1 Corinthians 12: 1-11
“Now about the gifts of the Spirit, brothers and sisters, I do not want you to be uninformed. You know that when you were pagans, somehow or other you were influenced and led astray to mute idols. Therefore I want you to know that no one who is speaking by the Spirit of God says, ‘Jesus be cursed,’ and no one can say, ‘Jesus is Lord,’ except by the Holy Spirit. There are different kinds of gifts, but the same Spirit distributes them. There are different kinds of service, but the same Lord. There are different kinds of working, but in all of them and in everyone it is the same God at work. Now to each one the manifestation of the Spirit is given for the common good. To one there is given through the Spirit a message of wisdom, to another a message of knowledge by means of the same Spirit, to another gifts of healing by that one Spirit, to another miraculous powers, to another prophecy, to another distinguishing between spirits, to another speaking in different kinds of tongues, and to still another the interpretation of tongues. All these are the work of one and the same Spirit, and he distributes them to each one, just as he determines.”
The sermon this week was all about turning off our electronics and focusing on people face-to-face…
Going into the hospital scared me. I was just minding my business… shopping for Christmas gifts (we were almost done… just a couple more things for the kids)… then BAM! I’m having emergency surgery to remove a baby I didn’t even know I had been carrying. I’m being transferred to a hospital while unconscious, waking up to find out I had no idea what was going on and no way of talking to the people around me… I was scared.
I came home almost a week later and I was different. Things looked different. The closer I got to my house and my children, the more I cried. I had been a weepy mess since it started, so I knew that wasn’t changing much, but that wasn’t the only thing different. I laid in bed that night (pretending to try to sleep), and just listening to my kids laughing. I let their little laughs put me to sleep that night. And I realized I had been taking them for granted.

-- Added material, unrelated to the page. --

(* Let $T:\mathbb N\to\mathbb N$ satisfy $T(n)\ge n$. If every $f\in\mathbf{FPC}$ satisfies $\mathrm{sz}(f(\tilde v))=O(T(\mathrm{sz}(\tilde v)))$, then $\mathbf{FPC}=\mathbf{FPC}[T]$.
   Context: CorePolyC. Types are $\mathtt{iint},\mathtt{int},\mathtt{bool}$; $\mathsf{Int}=\{\mathtt{iint},\mathtt{int}\}$, ordered by $\mathtt{iint}\preccurlyeq\mathtt{int}$. Values are unbounded integers ($\mathbb Z$) and booleans $\#t,\#f$. Expressions: variables $x$; constants (nonempty decimal digit strings denoting natural numbers; $\mathtt{true}$, $\mathtt{false}$); operator applications $\mathtt{op}(e_1,\dots,e_m)$; parenthesized $(e)$. Operators and semantics: unary $-$ (negation); binary $+,-,/,\%$ (integer addition, subtraction, division, remainder, with division and remainder by $0$ returning $0$); $\mathtt{size}$, with $\mathtt{size}(v)=\lceil\log_2(\mathrm{abs}(v)+1)\rceil$; comparisons $\texttt{>=},\texttt{<=},\texttt{>},\texttt{<},\texttt{==},\texttt{!=}$ on integers returning booleans; boolean $\texttt{!},\texttt{\&\&},\texttt{||}$. Statements: declaration $t\ x;$; assignment $x=e;$; block $\{s_1\dots s_m\}$; conditional $\mathbf{if}(e)\ s_1\ \mathbf{else}\ s_2$; loop $\mathbf{for}(x<\mathtt{size}(e))\ s$ (loop bounds are always syntactically of the form $\mathtt{size}(e)$). A program is $\mathbf{int\ main}(\mathbf{int}\ x_1,\dots,\mathbf{int}\ x_m)\{s_1\dots s_k\ \mathbf{return}\ e;\}$. Semantics (big-step). A store $\Sigma$ is a finite partial map from variables to values; $\Sigma[x\mapsto v]$ is the update. $\Sigma\vdash e\Downarrow v$: a variable $x\in\mathrm{dom}\,\Sigma$ evaluates to $\Sigma(x)$, constants to their value, $\mathtt{op}(e_1,\dots,e_m)$ to $\mathtt{op}$ applied to the values of the $e_i$. $\Sigma\vdash s\Downarrow\Sigma'$: $t\ x;$ gives $\Sigma[x\mapsto 0]$ if $t\in\mathsf{Int}$ and $\Sigma[x\mapsto\#f]$ if $t=\mathtt{bool}$; $x=e;$ (with $x\in\mathrm{dom}\,\Sigma$) gives $\Sigma[x\mapsto v]$ where $\Sigma\vdash e\Downarrow v$; a sequence or block executes its statements in order threading the store (a block returns the final store); a conditional evaluates its guard to a boolean and executes the corresponding branch; $\mathbf{for}(x<e)\ s$ evaluates $e$ once to an integer $i$, sets $\Sigma_0=\Sigma$, executes $s$ from $\Sigma_j[x\mapsto j]$ obtaining $\Sigma_{j+1}$ for $j=0,\dots,i-1$, and ends in $\Sigma_i$ (i.e. in $\Sigma$ if $i\le 0$). A program on inputs $v_1,\dots,v_m$ runs its statements from the store $[x_1\mapsto v_1,\dots,x_m\mapsto v_m]$ and outputs the value of its return expression in the resulting store. Type system. A typing environment $\Gamma$ is a finite partial map from variables to types; $\ell\in\{\#t,\#f\}$ is the loop indicator. Expression typing $\Gamma,\ell\vdash e:t$: a variable $x\in\mathrm{dom}\,\Gamma$ has type $\Gamma(x)$; digit literals have type $\mathtt{iint}$, $\mathtt{true},\mathtt{false}$ have type $\mathtt{bool}$; $\texttt{!},\texttt{\&\&},\texttt{||}$ take $\mathtt{bool}$ arguments to $\mathtt{bool}$; comparisons take arguments with types in $\mathsf{Int}$ to $\mathtt{bool}$; $+,-,/,\%$ take arguments with types in $\mathsf{Int}$ to their supremum under $\preccurlyeq$ ($\mathtt{iint}$ iff all arguments are $\mathtt{iint}$); $\mathtt{size}$ takes only an $\mathtt{iint}$ argument, giving $\mathtt{iint}$; parentheses preserve types. Statement typing $\Gamma,\ell\vdash s:\Gamma'$: $t\ x;$ is typable iff $x\notin\mathrm{dom}\,\Gamma$ and not($\ell=\#t$ and $t=\mathtt{iint}$), giving $\Gamma[x\mapsto t]$; $x=e;$ is typable iff $x\in\mathrm{dom}\,\Gamma$, not($\ell=\#t$ and $\Gamma(x)=\mathtt{iint}$), and $\Gamma,\ell\vdash e:t$ with $t,\Gamma(x)$ both in $\mathsf{Int}$ or both $\mathtt{bool}$, giving $\Gamma$; a sequence $s_1\dots s_m$ threads $\Gamma_0=\Gamma$, $\Gamma_{i-1},\ell\vdash s_i:\Gamma_i$, giving $\Gamma_m$; a block $\{\tilde s\}$ is typable if its sequence is, giving $\Gamma$; a conditional needs a guard of type $\mathtt{bool}$ and both branches typable under $\Gamma,\ell$, giving $\Gamma$; $\mathbf{for}(x<e)\ s$ needs $\Gamma,\ell\vdash e:\mathtt{iint}$, $x\notin\mathrm{dom}\,\Gamma$, and $\Gamma[x\mapsto\mathtt{iint}],\#t\vdash s:\Gamma'$ for some $\Gamma'$, giving $\Gamma$. A program is well-typed if its statements are typable starting from $[x_1\mapsto\mathtt{int},\dots,x_m\mapsto\mathtt{int}]$ with $\ell=\#f$, ending in some $\Gamma'$, and its return expression has a type in $\mathsf{Int}$ under $\Gamma',\#f$. A well-typed program $p$ with $m$ inputs computes a total function $[\![p]\!]:\mathbb Z^m\to\mathbb Z$; $\mathbf{FPC}$ is the set of all such functions. Sizes: $\mathrm{sz}(v)=\lceil\log_2(\mathrm{abs}(v)+1)\rceil$ for $v\in\mathbb Z$, $\mathrm{sz}(\#t)=\mathrm{sz}(\#f)=1$, $\mathrm{sz}(v_1,\dots,v_m)=\sum_i\mathrm{sz}(v_i)$. Instruction count (cost semantics) $\mathrm{ic}$: a variable or constant costs $1$; a parenthesized expression costs $1$ plus its content; $\mathtt{op}(e_1,\dots,e_m)$ costs $1$ plus the costs of the $e_i$; a declaration costs $1$; an assignment costs $1$ plus the cost of its expression; a block costs $1$ plus the cost of its sequence; a sequence costs the sum of its statements' costs; a conditional costs the guard's cost plus the cost of the executed branch; a loop costs the cost of evaluating its bound plus the sum of the costs of all executed iterations of its body; a program costs its statements' cost plus the cost of its return expression. $\mathrm{ic}(p,\tilde v)$ is the cost of running $p$ on $\tilde v$. $\mathbf{FPC}[T]$ is the set of $f\in\mathbf{FPC}$ computed by some well-typed program $p$ with $\mathrm{ic}(p,\tilde v)=O(T(\mathrm{sz}(\tilde v)))$. *)

From Stdlib Require Import ZArith List Bool Arith.
Import ListNotations.
Open Scope Z_scope.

That’s not something I ever thought would happen. I mean, I worked HARD for those babies. I suffered through awful things to get pregnant with them and give birth to them. I was one of the lucky ones… fertility treatments worked for me… and I had been giving my kids the left-overs. I was always just a little too late when one would say “Momma look at this!” Because whatever I was doing was too important to look away from a second sooner. “You missed it… that’s okay!” They are so forgiving… even when I fail them time and again.
Not anymore… I still do the things I did before (crocheting… listening to podcasts and audio books… reading actual paper books or books on my kindle), but I try to look the FIRST time… “Momma look!” And I do…

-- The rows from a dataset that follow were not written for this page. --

Lemma cusp_class_rep c :
  c \in coprime_pairs n -> eq_mod_nu (oppv n_gt0) (cusp_class (cusp_rep c)) c.
Proof.
move=> cC; rewrite /cusp_class /cusp_rep unscale_cuspK //.
have [e /sqr_int_eq1[]-> ->] := vec_of_cusp_of_vec (coprimez_lift_pair n_gt0 cC).
  by rewrite !mul1r -surjective_pairing resv_lift_pair /eq_mod_nu eqxx.
by rewrite !mulN1r resvN resv_lift_pair /eq_mod_nu eqxx orbT.
Qed.

End Cusps.

Theorem proposition7p4 (n : nat) : (3 <= n)%N ->
  exists s : seq cuspQ, cusp_transversal n s /\ (size s)%:R = cusp_formula n.
Proof.
move=> n_gt2; have n_gt0 : (0 < n)%N by lia.
have oppv_neq_n := oppv_neq n_gt0 n_gt2.
exists (half_set_reps (oppv n_gt0) (coprime_pairs n) (@cusp_rep n)); split.
  apply: (half_set_transversal (oppvK n_gt0) (oppv_coprime_pairs n_gt0) oppv_neq_n None
    (cusp_class_coprime_pairs n_gt0) (Gamma_equiv_class n_gt0) (cusp_class_rep n_gt0)).
rewrite size_map -cardE /cusp_formula mulrAC -card_coprime_pairs //.
by rewrite (card_half_set (oppvK n_gt0) (oppv_coprime_pairs n_gt0) oppv_neq_n) natrM; field.
Qed.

The distractions around us might not be the same ones that Paul was talking about when he wrote this letter to the church at Corinth, but they had distractions also that kept them from the same things that ours keep us from… we don’t use our gifts because we are too busy being distracted.

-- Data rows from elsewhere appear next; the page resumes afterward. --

(* For $n \geq 3$, the cycle $C_n$ is diametrical (i.e. $\Gamma_b(C_n) = \mathrm{diam}(C_n)$) if and only if $n \in \{3,4,5\}$.
   Context: Let $G=(V,E)$ be a finite connected graph with distance $d(u,v)$, eccentricity $e(v)=\max_w d(v,w)$ and diameter $\mathrm{diam}(G)=\max_v e(v)$. A broadcast is a function $f: V\to\{0,\dots,\mathrm{diam}(G)\}$ with $f(v)\le e(v)$; its cost is $\sum_v f(v)$; it is dominating if every $u$ has some $v$ with $f(v)\ge 1$ and $d(u,v)\le f(v)$; a dominating broadcast is minimal if decreasing $f(v)$ for any $v$ with $f(v)>0$ destroys domination. $\Gamma_b(G)$ is the maximum cost of a minimal dominating broadcast, and $G$ is called diametrical if $\Gamma_b(G)=\mathrm{diam}(G)$. *)

From mathcomp Require Import all_boot.
Set Implicit Arguments. Unset Strict Implicit. Unset Printing Implicit Defensive.

Section Broadcast.
Variables (T : finType) (e : rel T).

Definition ball (k : nat) (u : T) : {set T} :=
  iter k (fun S => S :|: [set y | [exists x in S, e x y]]) [set u].

(* graph distance: least k with v in ball k u (for a connected graph this is
   < #|T|; the value #|T| only arises for disconnected pairs) *)
Definition dist (u v : T) : nat :=
  find (fun k => v \in ball k u) (iota 0 #|T|).

Definition ecc (v : T) : nat := \max_(w : T) dist v w.
Definition diam : nat := \max_(v : T) ecc v.

Definition connectedb : bool := [forall u, forall v, v \in ball #|T| u].

Definition is_broadcast (f : T -> nat) : bool :=
  [forall v, (f v <= diam) && (f v <= ecc v)].

Definition cost (f : T -> nat) : nat := \sum_(v : T) f v.

Definition dominating (f : T -> nat) : bool :=
  [forall u, exists v, (1 <= f v) && (dist u v <= f v)].

Definition update (f : T -> nat) (v : T) (k : nat) : T -> nat :=
  fun w => if w == v then k else f w.

Definition minimal_dominating (f : T -> nat) : bool :=
  [&& is_broadcast f, dominating f &
      [forall v, forall k : 'I_(f v), ~~ dominating (update f v k)]].

(* Broadcast values are at most ecc v < #|T| in a connected graph, so
   ranging over functions T -> 'I_(#|T|.+1) covers all broadcasts. *)
Definition Gamma_b : nat :=
  \max_(f : {ffun T -> 'I_(#|T|.+1)} | minimal_dominating (fun v => nat_of_ord (f v)))
     cost (fun v => nat_of_ord (f v)).

Definition diametrical : Prop := Gamma_b = diam.

End Broadcast.

Definition cycle_rel (n : nat) : rel 'I_n :=
  fun i j => (val j == (val i).+1 %% n) || (val i == (val j).+1 %% n).
Arguments cycle_rel n : clear implicits.

From mathcomp Require Import all_boot zify.
From Stdlib Require Import FunctionalExtensionality.
Set Implicit Arguments. Unset Strict Implicit. Unset Printing Implicit Defensive.

(* Every vertex of C_n has eccentricity n/2, so diam = n/2 and one vertex
   broadcasting at strength n/2 is a minimal dominating broadcast of cost
   diam.  For n >= 6, let a = (n-2)/2: two vertices at distance n-1-2a (that
   is, 1 or 2) broadcasting at strength a cover the cycle, and each has a
   private vertex at distance a on its far side; this minimal dominating
   broadcast costs 2a > n/2.  For n <= 5 the bound Gamma_b <= n/2 is checked
   by enumerating all broadcasts. *)

Section MinimalBroadcasts.
Variables (T : finType) (e : rel T).

Lemma not_dominating_of_far (h : T -> nat) (u : T) :
  (forall w, 0 < h w -> h w < dist e u w) -> ~~ dominating e h.
Proof.
move=> far; apply/forallP => /(_ u) /existsP [w /andP [hw0 duw]].
by have := far w hw0; rewrite ltnNge duw.
Qed.

Lemma minimal_dominating_of_private (f : T -> nat) :
  is_broadcast e f -> dominating e f ->
  (forall v, 0 < f v -> exists u,
     f v <= dist e u v /\ forall w, w != v -> 0 < f w -> f w < dist e u w) ->
  minimal_dominating e f.
Proof.
move=> bf df priv; apply/and3P; split => //.
apply/forallP => v; apply/forallP => k.
have [u [fv_le far]] := priv v (leq_ltn_trans (leq0n k) (ltn_ord k)).
apply: (not_dominating_of_far (u := u)) => w; rewrite /update.
case: eqP => [-> _ | /eqP /far]; last exact.
exact: leq_trans (ltn_ord k) fv_le.
Qed.

Lemma cost_le_Gamma_b (g : T -> nat) :
  (forall v, g v <= #|T|) -> minimal_dominating e g -> cost g <= Gamma_b e.
Proof.
move=> g_le mdg.
pose F := [ffun v => inord (g v) : 'I_#|T|.+1].
have gF : g = (fun v => nat_of_ord (F v)).
  by apply: functional_extensionality => v; rewrite ffunE inordK ?ltnS.
by rewrite gF in mdg *; apply: leq_bigmax_cond.
Qed.

Lemma Gamma_b_le k :
  (forall g : T -> nat, (forall v, g v <= #|T|) ->
     minimal_dominating e g -> cost g <= k) ->
  Gamma_b e <= k.
Proof. by move=> H; apply/bigmax_leqP => F /H; apply=> v; rewrite -ltnS ltn_ord. Qed.

End MinimalBroadcasts.

(* Arithmetic model of C_n on nat, avoiding [%% n] so that [lia] applies:
   [arc n u v] is the length of the arc from u forward to v. *)
Definition arc n u v := if u <= v then v - u else v + n - u.
Definition cdist n u v := minn (arc n u v) (arc n v u).
Definition csucc n x := if x.+1 == n then 0 else x.+1.
Definition cadj n x y := (y == csucc n x) || (x == csucc n y).

Ltac cycle_arith :=
  unfold cadj, cdist, csucc, arc in *;
  repeat match goal with
  | |- context [if ?b then _ else _] => let E := fresh "E" in destruct b eqn:E
  | H : context [if ?b then _ else _] |- _ => let E := fresh "E" in destruct b eqn:E
  end; lia.

Section CycleDistance.
Variable n : nat.

Lemma cycle_relE (x y : 'I_n) : cycle_rel n x y = cadj n x y.
Proof.
have succE z : z < n -> z.+1 %% n = csucc n z.
  move=> zn; rewrite /csucc; case: eqP => [->|zSn]; first by rewrite modnn.
  by rewrite modn_small //; lia.
by rewrite /cycle_rel !succE ?ltn_ord.
Qed.

Lemma cdist_le0 u v : u < n -> v < n -> (cdist n u v <= 0) = (v == u).
Proof. by move=> un vn; apply/idP/eqP; cycle_arith. Qed.

Lemma cdist_adj_le u x v k : u < n -> x < n -> v < n ->
  cdist n u x <= k -> cadj n x v -> cdist n u v <= k.+1.
Proof. by move=> un xn vn ux /orP [] /eqP xv; cycle_arith. Qed.

Lemma cdist_predecessor u v k : u < n -> v < n -> cdist n u v = k.+1 ->
  exists2 x, x < n & cdist n u x <= k /\ cadj n x v.
Proof.
move=> un vn uv; have [fwd | bwd] := leqP (arc n u v) (arc n v u).
- exists (if v == 0 then n.-1 else v.-1); first by cycle_arith.
  by split; [move: uv fwd | apply/orP; left; apply/eqP]; cycle_arith.
- exists (csucc n v); first by cycle_arith.
  by split; [move: uv bwd | apply/orP; right; apply/eqP]; cycle_arith.
Qed.

Lemma cdist_le_half u v : u < n -> v < n -> cdist n u v <= n./2.
Proof. by move=> un vn; cycle_arith. Qed.

Lemma ball_cycle (u : 'I_n) k :
  ball (cycle_rel n) k u = [set v : 'I_n | cdist n u v <= k].
Proof.
elim: k => [|k IH]; first by apply/setP => v; rewrite /ball /= !inE cdist_le0.
rewrite /ball iterS -/(ball _ k u) IH; apply/setP => v; rewrite !inE.
apply/idP/idP.
- case/orP => [uv_le | /existsP [x /andP []]]; first exact: leq_trans uv_le _.
  by rewrite inE cycle_relE; apply: cdist_adj_le.
- move=> uv_le; have [uv_le_k | uv_gt] := leqP (cdist n u v) k; first by apply/orP; left.
  have [x xn [ux xv]] : exists2 x, x < n & cdist n u x <= k /\ cadj n x v.
    by apply: cdist_predecessor => //; lia.
  by apply/orP; right; apply/existsP; exists (Ordinal xn); rewrite inE ux cycle_relE.
Qed.

Lemma find_iota_leq c N : c < N -> find (fun k => c <= k) (iota 0 N) = c.
Proof.
move=> cN; rewrite -(subnKC (ltnW cN)) iotaD find_cat.
have -> : has (fun k => c <= k) (iota 0 c) = false.
  by apply/hasPn => k; rewrite mem_iota -ltnNge.
have [d ->] : exists d, N - c = d.+1 by exists (N - c).-1; lia.
by rewrite /= add0n leqnn size_iota addn0.
Qed.

Lemma dist_cycle (u v : 'I_n) : dist (cycle_rel n) u v = cdist n u v.
Proof.
rewrite /dist card_ord (@eq_find _ _ (fun k => cdist n u v <= k)).
  by apply: find_iota_leq; have := ltn_ord u; have := ltn_ord v; cycle_arith.
by move=> k; rewrite ball_cycle inE.
Qed.

Lemma ecc_cycle (v : 'I_n) : ecc (cycle_rel n) v = n./2.
Proof.
apply/eqP; rewrite eqn_leq; apply/andP; split.
  by apply/bigmax_leqP => w _; rewrite dist_cycle cdist_le_half.
have vn := ltn_ord v.
have wn : (if v + n./2 < n then v + n./2 else v + n./2 - n) < n by cycle_arith.
by apply: leq_trans (leq_bigmax (Ordinal wn)); rewrite dist_cycle /=; cycle_arith.
Qed.

Lemma diam_cycle : 0 < n -> diam (cycle_rel n) = n./2.
Proof.
move=> n0; apply/eqP; rewrite eqn_leq; apply/andP; split.
  by apply/bigmax_leqP => w _; rewrite ecc_cycle.
by apply: leq_trans (leq_bigmax (Ordinal n0)); rewrite ecc_cycle.
Qed.

End CycleDistance.

Lemma is_broadcast_cycle n (g : 'I_n -> nat) :
  0 < n -> (forall v, g v <= n./2) -> is_broadcast (cycle_rel n) g.
Proof. by move=> n0 g_le; apply/forallP => v; rewrite diam_cycle // ecc_cycle g_le. Qed.

Definition point_broadcast n r (w : 'I_n) := if w == 0 :> nat then r else 0.

Definition pair_broadcast n a m (w : 'I_n) :=
  if (w == 0 :> nat) || (w == m :> nat) then a else 0.

Arguments point_broadcast : clear implicits.
Arguments pair_broadcast : clear implicits.

Lemma minimal_dominating_point_broadcast n :
  1 < n -> minimal_dominating (cycle_rel n) (point_broadcast n n./2).
Proof.
move=> n2; have n0 : 0 < n by lia.
have far : n./2 < n by lia.
apply: minimal_dominating_of_private.
- by apply: is_broadcast_cycle => // w; rewrite /point_broadcast; case: ifP.
- apply/forallP => u; apply/existsP; exists (Ordinal n0).
  by rewrite dist_cycle /point_broadcast /= cdist_le_half // andbT; lia.
- move=> v; rewrite /point_broadcast; case: ifP => // /eqP v0 _.
  exists (Ordinal far); split; first by rewrite dist_cycle /= v0; cycle_arith.
  move=> w wv; case: ifP => // /eqP w0.
  by rewrite -(inj_eq (@ord_inj n)) /= w0 v0 eqxx in wv.
Qed.

Lemma minimal_dominating_pair_broadcast n a m :
  0 < a -> 0 < m <= a.*2.+1 -> n = m + a.*2.+1 ->
  minimal_dominating (cycle_rel n) (pair_broadcast n a m).
Proof.
move=> a0 /andP [m0 m_le] n_def.
have n0 : 0 < n by lia.
have mn : m < n by lia.
have far0 : n - a < n by lia.
have farm : m + a < n by lia.
apply: minimal_dominating_of_private.
- by apply: is_broadcast_cycle => // w; rewrite /pair_broadcast; case: ifP; lia.
- apply/forallP => u; apply/existsP; have un := ltn_ord u.
  have [near0 | nearm] := boolP ((u <= a) || (n - a <= u)).
    exists (Ordinal n0); rewrite dist_cycle /pair_broadcast /=.
    by apply/andP; split; [lia | move: near0; cycle_arith].
  exists (Ordinal mn); rewrite dist_cycle /pair_broadcast /= eqxx orbT.
  by apply/andP; split; [lia | move: nearm; cycle_arith].
- move=> v; rewrite /pair_broadcast; case: ifP => // /orP [] /eqP v_val _.
  + exists (Ordinal far0); split; first by rewrite dist_cycle /= v_val; cycle_arith.
    move=> w wv; case: ifP => // /orP [] /eqP w_val _.
      by rewrite -(inj_eq (@ord_inj n)) /= w_val v_val eqxx in wv.
    by rewrite dist_cycle /= w_val; cycle_arith.
  + exists (Ordinal farm); split; first by rewrite dist_cycle /= v_val; cycle_arith.
    move=> w wv; case: ifP => // /orP [] /eqP w_val _.
      by rewrite dist_cycle /= w_val; cycle_arith.
    by rewrite -(inj_eq (@ord_inj n)) /= w_val v_val eqxx in wv.
Qed.

Lemma Gamma_b_cycle_ge_half n : 1 < n -> n./2 <= Gamma_b (cycle_rel n).
Proof.
move=> n2; have n0 : 0 < n by lia.
have -> : n./2 = cost (point_broadcast n n./2).
  rewrite /cost (bigD1 (Ordinal n0)) //= big1 ?addn0 // => w w0.
  by rewrite /point_broadcast ifF //; apply: contraNF w0 => /eqP w_0; apply/eqP/ord_inj.
apply: cost_le_Gamma_b; last exact: minimal_dominating_point_broadcast.
by move=> w; rewrite card_ord /point_broadcast; case: ifP; lia.
Qed.

Lemma Gamma_b_cycle_gt_half n : 5 < n -> n./2 < Gamma_b (cycle_rel n).
Proof.
move=> n6; set a := (n - 2)./2; set m := n - 1 - a.*2.
have a_def : a = (n - 2)./2 by []; have m_def : m = n - 1 - a.*2 by [].
clearbody a m.
have n0 : 0 < n by lia.
have mn : m < n by lia.
have cost_pair : cost (pair_broadcast n a m) = a.*2.
  have m0 : Ordinal mn != Ordinal n0 by rewrite -(inj_eq (@ord_inj n)) /=; lia.
  rewrite /cost (bigD1 (Ordinal n0)) //= (bigD1 (Ordinal mn)) //= big1.
    by rewrite /pair_broadcast /= eqxx orbT; lia.
  move=> w /andP [w0 wm]; rewrite /pair_broadcast ifF //.
  by rewrite -!(inj_eq (@ord_inj n)) /= in w0 wm; rewrite (negbTE w0) (negbTE wm).
suff : cost (pair_broadcast n a m) <= Gamma_b (cycle_rel n) by lia.
apply: cost_le_Gamma_b; last by apply: minimal_dominating_pair_broadcast; lia.
by move=> w; rewrite card_ord /pair_broadcast; case: ifP; lia.
Qed.

Definition cdominating n (G : nat -> nat) :=
  all (fun u => has (fun v => (0 < G v) && (cdist n u v <= G v)) (iota 0 n))
      (iota 0 n).

Definition cminimal_dominating n (G : nat -> nat) :=
  cdominating n G &&
  all (fun v => all (fun k => ~~ cdominating n (fun w => if w == v then k else G w))
                   (iota 0 (G v)))
      (iota 0 n).

Lemma dominating_cycleE n (g : 'I_n -> nat) (G : nat -> nat) :
  (forall i : 'I_n, G i = g i) -> dominating (cycle_rel n) g = cdominating n G.
Proof.
move=> Gg; apply/forallP/allP => [dom u | cdom u].
- rewrite mem_iota => /andP [_ un].
  have /existsP [v] := dom (Ordinal un); rewrite dist_cycle => uv.
  by apply/hasP; exists (nat_of_ord v); rewrite ?mem_iota ?ltn_ord ?Gg.
- move: (cdom u); rewrite mem_iota ltn_ord => /(_ isT) /hasP [v].
  rewrite mem_iota => /andP [_ vn] uv; apply/existsP; exists (Ordinal vn).
  by rewrite dist_cycle -Gg.
Qed.

Lemma minimal_dominating_cycle n (g : 'I_n -> nat) (G : nat -> nat) :
  (forall i : 'I_n, G i = g i) ->
  minimal_dominating (cycle_rel n) g -> cminimal_dominating n G.
Proof.
move=> Gg /and3P [_ dom min]; rewrite /cminimal_dominating -(dominating_cycleE Gg) dom.
apply/allP => v; rewrite mem_iota => /andP [_ vn].
apply/allP => k; rewrite mem_iota (Gg (Ordinal vn)) => /andP [_ kv].
rewrite -(@dominating_cycleE _ (update g (Ordinal vn) k)).
  exact: forallP (forallP min (Ordinal vn)) (Ordinal kv).
by move=> i; rewrite /update Gg -(inj_eq (@ord_inj n)).
Qed.

Fixpoint bounded_seqs (len m : nat) : seq (seq nat) :=
  if len is len'.+1 then [seq x :: s | x <- iota 0 m, s <- bounded_seqs len' m]
  else [:: [::]].

Lemma mem_bounded_seqs len m s :
  size s = len -> all (fun x => x < m) s -> s \in bounded_seqs len m.
Proof.
elim: len s => [|len IH] [|x s] //= [size_s] /andP [xm sm].
by apply: (allpairs_f (fun x s => x :: s)); rewrite ?mem_iota ?IH.
Qed.

Definition cycle_Gamma_b_le_half n :=
  all (fun s => cminimal_dominating n (nth 0 s) ==> (sumn s <= n./2))
      (bounded_seqs n n.+1).

Lemma Gamma_b_cycle_le_half n :
  cycle_Gamma_b_le_half n -> Gamma_b (cycle_rel n) <= n./2.
Proof.
move=> /allP check; apply: Gamma_b_le => g; rewrite card_ord => g_le md_g.
pose s := [seq g i | i <- enum 'I_n].
have sg (i : 'I_n) : nth 0 s i = g i.
  by rewrite (nth_map i) ?size_enum_ord ?ltn_ord // nth_ord_enum.
have s_mem : s \in bounded_seqs n n.+1.
  apply: mem_bounded_seqs; first by rewrite size_map size_enum_ord.
  by apply/allP => _ /mapP [i _ ->]; rewrite ltnS.
have -> : cost g = sumn s by rewrite /cost sumnE big_map big_enum.
exact: implyP (check s s_mem) (minimal_dominating_cycle sg md_g).
Qed.

Lemma cycle_Gamma_b_le_half_small : all cycle_Gamma_b_le_half [:: 3; 4; 5].
Proof. by vm_compute. Qed.

Theorem mainTheorem12 (n : nat) : 3 <= n ->
  (diametrical (cycle_rel n) <-> n \in [:: 3; 4; 5]).
Proof.
move=> n3; rewrite /diametrical diam_cycle; last by lia.
split => [diametrical_n | small].
- case: (leqP 6 n) => [n6 | n_lt6]; last by rewrite !inE; lia.
  by have := Gamma_b_cycle_gt_half n6; rewrite diametrical_n ltnn.
- apply/eqP; rewrite eqn_leq Gamma_b_cycle_ge_half ?andbT; last by lia.
  exact/Gamma_b_cycle_le_half/(allP cycle_Gamma_b_le_half_small).
Qed.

No one is saying to stop using technology… we couldn’t function, right!?! BUT we can definitely use it less… “Take Time by Turning Off”… that’s my new motto…
If I am engaged in something that I don’t want to be interrupted while doing (that really is only my bible reading in the mornings), then I tell them ahead of time that I’m putting headphones in to listen to music while I read and reflect… please don’t interrupt. They are old enough to take care of themselves, so they leave me alone for that time. Any other time, I try to be available to them. I just do… no excuses… none…
They’re only going to be in my house for a very short period of time… I want to actively enjoy the crap out of them while they are here… and I am!!
Welcome to my world… it’s pretty great around here!!